Culturally competent care means demonstrating a knowledge and familiarity with people who have different beliefs, values, and healthcare knowledge. It’s a commitment to developing skills for patient-centered care with people from different racial, ethnic, and social backgrounds. What does this look like in practice? Engaging with your customers on a personal level to be able to ask and answer questions that can lead to better outcomes is one way. A good example of this would be asking patients about their symptoms, when they began, how do they think it was caused, and what do they know about their treatment? These sort of questions can open a dialogue that can reveal gaps in knowledge or beliefs that could prevent medication adherence or treatment from working as effectively as possible.

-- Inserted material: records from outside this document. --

Theorem mainTheorem4 :
  exists a0 : nat, forall a : nat, (a0 <= a)%nat ->
  forall k : nat, is_k a k ->
  forall (E : encoder (k ^ 2 + 1)) (D : decoder (k ^ 2 + 1)),
    error_free E D ->
    exists P Q : 'I_(k ^ 2 + 1) -> R,
      in_family k P Q /\
      exp_len_ge (fun x r => size (E x a r P)) P
        (2 * log2 (INR k) - 2 * log2 (log2 (INR k))).
Proof.
exists 768%N => a Ha k Hk E D Herr.
have Hk256 := k_ge_256 Ha Hk.
have HK : 256 <= INR k.
  by have := le_INR _ _ (elimT leP Hk256); rewrite [INR 256]INR_IZR_INZ.
have Hinj := error_free_injective Herr (leq_trans (isT : (1 <= 768)%N) Ha) (fun m => Pdist HK m setT)
  (family_common_prior HK (proj1 Hk)).
pose j := trunc_log 2 k.
have [mm Hmm] := @long_codeword_message _ (fun m r => E m a r (P_mS k m setT)) (j + j)
  (leq_addl (k ^ 2) 1) (pow2_double_trunc_log (k_pos HK)) Hinj.
have [Q HQ] := family_member HK mm.
exists (P_mS k mm setT), Q; split => //.
apply: (@exp_len_ge_message _ _ _ mm (j + j)).
have -> : P_mS k mm setT mm = 1 - / log2 (INR k) by rewrite /P_mS eqxx.
apply: final_estimate (log2k_ge8 HK) _.
apply: Rle_trans Hmm; rewrite plus_INR /j.
by have := log2_lt_trunc_log (k_pos HK); lra.
Qed.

Providing culturally competent care goes beyond just facilitating closer and more personal relationships with your patients. It also means understanding cultural differences and being more accommodating to how they prefer to interact with health care professionals. For example, if you have hispanic patients, having a pharmacist who speaks Spanish is an obvious way to make them feel welcome and communicate effectively. Even if you don’t though, being aware of cultural differences like treating older hispanic patients more formally or that they might prefer shorter distances in communicating as many of their cultures prefer interacting in closer proximities can help cross cultural barriers.
Another barrier to providing care in a diverse community is access for patients. In some communities transportation and limited hours can be a real problem, and setting up a delivery service can both increase your business as well as serve people with limited transportation or mobility.
The real key that guides all attempts to provide more culturally competent care is a true desire to seek out and understand those whose experiences and values are different than our own. By showing your willingness to meet people on their own terms and learn about their mindsets, you can not only help serve higher risk communities and better health outcomes, you can also increase your customer base and bottom lines at the same time.